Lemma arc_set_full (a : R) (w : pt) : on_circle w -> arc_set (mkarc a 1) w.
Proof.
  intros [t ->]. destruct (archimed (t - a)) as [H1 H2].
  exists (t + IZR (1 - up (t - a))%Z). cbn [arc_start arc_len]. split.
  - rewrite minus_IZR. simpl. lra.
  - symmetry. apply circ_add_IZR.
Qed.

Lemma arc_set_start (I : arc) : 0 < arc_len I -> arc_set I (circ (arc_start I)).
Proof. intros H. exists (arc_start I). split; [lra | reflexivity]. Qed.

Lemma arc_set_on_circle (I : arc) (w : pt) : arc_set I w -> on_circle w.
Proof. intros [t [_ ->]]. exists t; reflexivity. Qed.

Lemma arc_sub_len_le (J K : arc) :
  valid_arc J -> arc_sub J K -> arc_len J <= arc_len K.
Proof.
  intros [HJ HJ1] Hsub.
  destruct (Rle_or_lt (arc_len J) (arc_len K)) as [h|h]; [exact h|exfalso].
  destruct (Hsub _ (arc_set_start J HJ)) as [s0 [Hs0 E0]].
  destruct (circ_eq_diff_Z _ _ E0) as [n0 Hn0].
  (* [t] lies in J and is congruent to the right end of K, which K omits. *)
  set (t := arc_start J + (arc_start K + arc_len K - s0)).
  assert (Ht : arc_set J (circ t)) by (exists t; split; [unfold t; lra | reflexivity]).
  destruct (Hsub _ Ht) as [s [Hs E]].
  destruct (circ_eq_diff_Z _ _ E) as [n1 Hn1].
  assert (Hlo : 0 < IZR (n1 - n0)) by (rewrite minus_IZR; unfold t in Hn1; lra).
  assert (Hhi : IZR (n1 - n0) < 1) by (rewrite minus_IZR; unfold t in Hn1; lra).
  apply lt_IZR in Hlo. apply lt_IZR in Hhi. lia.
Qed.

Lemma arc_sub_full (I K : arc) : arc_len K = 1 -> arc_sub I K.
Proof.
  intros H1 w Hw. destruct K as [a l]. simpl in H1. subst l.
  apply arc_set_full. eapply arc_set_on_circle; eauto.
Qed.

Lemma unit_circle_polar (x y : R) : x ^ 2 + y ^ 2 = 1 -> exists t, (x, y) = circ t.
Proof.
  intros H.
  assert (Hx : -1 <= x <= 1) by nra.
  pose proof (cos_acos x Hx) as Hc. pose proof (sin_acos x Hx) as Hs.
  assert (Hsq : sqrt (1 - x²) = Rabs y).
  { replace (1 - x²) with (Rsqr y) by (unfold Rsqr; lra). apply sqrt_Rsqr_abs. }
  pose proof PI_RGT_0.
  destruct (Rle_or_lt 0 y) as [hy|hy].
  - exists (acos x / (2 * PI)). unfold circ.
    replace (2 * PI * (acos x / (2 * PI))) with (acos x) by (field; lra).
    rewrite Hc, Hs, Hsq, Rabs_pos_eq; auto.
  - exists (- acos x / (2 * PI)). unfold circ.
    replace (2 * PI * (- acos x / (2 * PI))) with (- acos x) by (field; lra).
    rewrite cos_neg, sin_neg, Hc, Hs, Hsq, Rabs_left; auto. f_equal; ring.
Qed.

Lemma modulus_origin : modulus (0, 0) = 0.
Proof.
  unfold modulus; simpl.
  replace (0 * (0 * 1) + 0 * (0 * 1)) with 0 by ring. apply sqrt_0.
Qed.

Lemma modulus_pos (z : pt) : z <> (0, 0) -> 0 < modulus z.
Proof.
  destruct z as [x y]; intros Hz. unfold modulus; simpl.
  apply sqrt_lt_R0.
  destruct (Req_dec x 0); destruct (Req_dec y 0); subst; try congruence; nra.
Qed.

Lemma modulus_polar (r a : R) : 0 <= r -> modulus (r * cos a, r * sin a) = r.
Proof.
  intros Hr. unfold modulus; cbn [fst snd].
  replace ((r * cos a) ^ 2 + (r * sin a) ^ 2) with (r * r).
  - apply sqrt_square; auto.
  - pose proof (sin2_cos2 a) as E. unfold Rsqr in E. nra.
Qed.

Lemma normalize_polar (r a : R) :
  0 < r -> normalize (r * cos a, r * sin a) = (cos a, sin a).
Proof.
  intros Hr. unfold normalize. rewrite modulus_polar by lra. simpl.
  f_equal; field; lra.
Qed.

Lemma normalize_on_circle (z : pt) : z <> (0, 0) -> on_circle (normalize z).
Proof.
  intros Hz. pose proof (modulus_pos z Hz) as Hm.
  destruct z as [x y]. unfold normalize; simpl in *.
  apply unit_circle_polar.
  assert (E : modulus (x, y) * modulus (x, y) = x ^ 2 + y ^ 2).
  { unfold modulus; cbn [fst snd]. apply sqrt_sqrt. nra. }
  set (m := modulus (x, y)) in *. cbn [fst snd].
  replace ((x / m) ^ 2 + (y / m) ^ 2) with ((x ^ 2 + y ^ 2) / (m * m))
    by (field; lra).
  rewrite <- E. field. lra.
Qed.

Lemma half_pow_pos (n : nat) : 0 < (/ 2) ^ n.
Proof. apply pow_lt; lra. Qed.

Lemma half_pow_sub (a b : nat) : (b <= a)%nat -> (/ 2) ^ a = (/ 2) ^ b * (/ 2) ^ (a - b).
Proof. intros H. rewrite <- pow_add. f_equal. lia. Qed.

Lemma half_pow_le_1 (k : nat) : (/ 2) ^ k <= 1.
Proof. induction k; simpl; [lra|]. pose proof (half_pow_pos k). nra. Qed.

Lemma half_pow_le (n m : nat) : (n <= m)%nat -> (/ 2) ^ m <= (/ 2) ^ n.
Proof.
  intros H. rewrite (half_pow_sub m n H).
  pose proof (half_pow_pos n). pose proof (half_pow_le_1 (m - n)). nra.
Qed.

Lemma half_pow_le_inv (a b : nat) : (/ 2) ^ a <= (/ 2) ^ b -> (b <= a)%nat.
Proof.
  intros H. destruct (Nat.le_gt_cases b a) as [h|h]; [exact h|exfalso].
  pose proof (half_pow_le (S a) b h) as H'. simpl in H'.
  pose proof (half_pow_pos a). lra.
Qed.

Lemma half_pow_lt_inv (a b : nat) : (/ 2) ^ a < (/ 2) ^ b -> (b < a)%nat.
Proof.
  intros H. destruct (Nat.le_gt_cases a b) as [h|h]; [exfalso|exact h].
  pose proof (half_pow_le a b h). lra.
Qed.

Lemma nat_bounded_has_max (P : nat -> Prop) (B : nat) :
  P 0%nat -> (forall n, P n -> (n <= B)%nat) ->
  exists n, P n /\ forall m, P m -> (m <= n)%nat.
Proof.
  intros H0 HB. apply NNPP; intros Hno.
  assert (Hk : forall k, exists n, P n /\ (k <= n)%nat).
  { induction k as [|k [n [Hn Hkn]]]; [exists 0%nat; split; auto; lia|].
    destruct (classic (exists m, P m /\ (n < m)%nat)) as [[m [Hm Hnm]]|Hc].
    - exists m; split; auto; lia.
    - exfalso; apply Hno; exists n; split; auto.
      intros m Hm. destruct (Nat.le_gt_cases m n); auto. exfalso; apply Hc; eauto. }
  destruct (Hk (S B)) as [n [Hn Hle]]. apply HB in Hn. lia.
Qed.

Prompt:
The first line of the entries above marks where to begin; repeat each line exactly through the one that contains "- symmetry. apply circ_add_IZR.", and include that line.

Solution to this problem:
Lemma arc_set_full (a : R) (w : pt) : on_circle w -> arc_set (mkarc a 1) w.
Proof.
  intros [t ->]. destruct (archimed (t - a)) as [H1 H2].
  exists (t + IZR (1 - up (t - a))%Z). cbn [arc_start arc_len]. split.
  - rewrite minus_IZR. simpl. lra.
  - symmetry. apply circ_add_IZR.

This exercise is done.